New Cybercrime Prevention Law may post censorship, repression – solon

WITH  the passage of the Republic Act No. (RA) 10175 or the Cybercrime Prevention Act of 2012 this week, Kabataan Partylist Rep. Raymond Palatino reiterated the dangers that the new legislation might post to internet freedom.

RA 10175 is a consolidation of Senate Bill No. 2796 and House Bill No. 5808 passed by both chambers of Congress last June, and was signed into law by President Benigno Aquino III on September 12. However, the government released the full text of the new law just this afternoon.

The new law provides specific guidelines on the “prevention, investigation, suppression and the imposition of penalties” for cybercrimes, which include illegal access, interception, data and system interference, identity theft, cybersex, “cyber-squatting” or the misleading acquisition of internet domains, child pornography, and online libel.

“During the House deliberations on this law, I opposed the inclusion of online libel as one of the punishable acts. With its inclusion, we have in effect, legislated a law for online libel which is a step backward in our long-term aim of decriminalizing libel,” the youth solon added.

The anti-cybercrime law is supposed to be the legal instrument of the National Bureau of Investigation (NBI), the Department of Justice (DOJ), and other agencies in running after hackers, malicious spam and virus senders, cybersex operators, and hi-tech gangs that engage in phishing, credit card fraud, among others.

“But the inclusion of online libel in the list of dangerous cybercrimes would fundamentally affect and alter the implementation of the law,” Palatino said.

The youth solon cited Senator Vicente “Tito” Sotto III’s recent statement wherein the senator said the new Cybercrime Law may be used to penalize users who post defamatory messages against him online.

“Under this law, politicians can easily file charges against ‘hostile and combative’ critics and witnesses by claiming that virtual protesters have threatened their life and property. Censorship will lead to repression once an activist or reform advocate has been labeled a cybercriminal,” Palatino said.

“Woe to the NBI agent and DOJ prosecutor who will be swamped with cybercrime cases filed by showbiz actors, politicians, business tycoons, and other untouchables who want to punish their online critics. Instead of dealing with cyberwarfare, our agents will be investigating online libel,” the youth solon added.

Palatino also warned that the new law may violate the people’s right to privacy since it empowers the government to access the private accounts and monitor activities of persons suspected of committing cybercrimes.

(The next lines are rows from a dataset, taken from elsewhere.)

Lemma integrand_ball_ind : integrand 0 ball_ind 1.
Proof.
split; last exact: ball_ind_vanishes.
  by move=> x; apply: measurable_indic_le; exact: measurable_sum_sqr_coords.
by move=> x; rewrite /ball_ind; case: (_ <= 1); rewrite ?lexx ?ler01.
Qed.

Lemma integrand_ball_tilt m : (m < D)%N -> integrand 0 (ball_tilt m) 2.
Proof.
move=> mD; split.
- move=> x; apply: measurable_funM.
    by apply: measurable_indic_le; exact: measurable_sum_sqr_coords.
  by apply: measurable_funB; [exact: measurable_cst | exact: measurable_fill_coords].
- move=> x; rewrite /ball_tilt /ball_ind; case: (boolP (_ <= 1)) => [x1|_].
    by rewrite mul1r; move: (coord_le1_of_ball mD x1); rewrite ler_norml; lra.
  by rewrite mul0r lexx ler0n.
- by move=> x k kD xk; rewrite /ball_tilt (ball_ind_vanishes kD xk) mul0r.
Qed.

Lemma integrand_cube_ind r : 0 <= r <= 1 -> integrand 0 (cube_ind r) 1.
Proof.
case/andP=> r0 r1; split.
- move=> x; apply: measurable_prod => k _; apply: measurable_indic_le.
  exact: measurableT_comp (measurable_fill_coords x k).
- move=> x; rewrite /cube_ind; apply/andP; split.
    by apply: prodr_ge0 => i _; exact: ler0n.
  apply: prodr_ile1 => i _; rewrite ler0n /=.
  by case: (_ <= r); rewrite ?lexx ?ler01.
- move=> x k /andP[_ kD] xk; rewrite /cube_ind (bigD1 (Ordinal kD)) //=.
  by rewrite leNgt (le_lt_trans r1 xk) mul0r.
Qed.

Lemma iter_int_cube_ind r n x : 0 <= r -> (n <= D)%N ->
  iter_int R n (cube_ind r) x = (2 * r) ^+ n * \prod_(n <= k < D) (`|x k| <= r)%R%:R.
Proof.
move=> r0; elim: n x => [|n IH] x nD; first by rewrite expr0 mul1r big_mkord.
rewrite iter_intS /layer.
under eq_fun => y.
  rewrite IH ?(ltnW nD) // big_ltn // /set_coord eqxx.
  under eq_big_nat => k /andP[nk _] do rewrite (gtn_eqF nk).
  have -> : (`|y| <= r)%R%:R = \1_`[- r, r] y :> R.
    rewrite indicE; case: (boolP (`|y| <= r)) => yr.
      by rewrite mem_set //= in_itv /= -ler_norml.
    by rewrite memNset //= in_itv /= -ler_norml; exact/negP.
  rewrite mulrCA mulrC; over.
rewrite Rintegral_cst_indic_itv ?(le_trans _ r0) ?oppr_le0 //.
by rewrite opprK exprSr; ring.
Qed.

“Despite the court order requirement in the law, I still fear that the privacy of individuals will be violated. Will authorities specify the particular file folder to be collected or will they simply download all computer data?” he asked.

The youth solon also expressed fears on “vague provisions of the new law, including Section 5, which penalizes “aiding or abetting, or attempting to commit cybercrime.”

“These provisions are too general. Any person surfing the web, innocently sharing some virus-infected files, can be accused of aiding or attempting to commit cybercrime,” Palatino said.

“There are non-negotiables in drafting internet policies. The main concern should be the protection of internet users. Legislation should maintain the openness or the free, public character of the internet. There must be transparency and law enforcers must be accountable for their actions. National regulation is futile since cybercrimes operate globally and virtually,” Palatino said.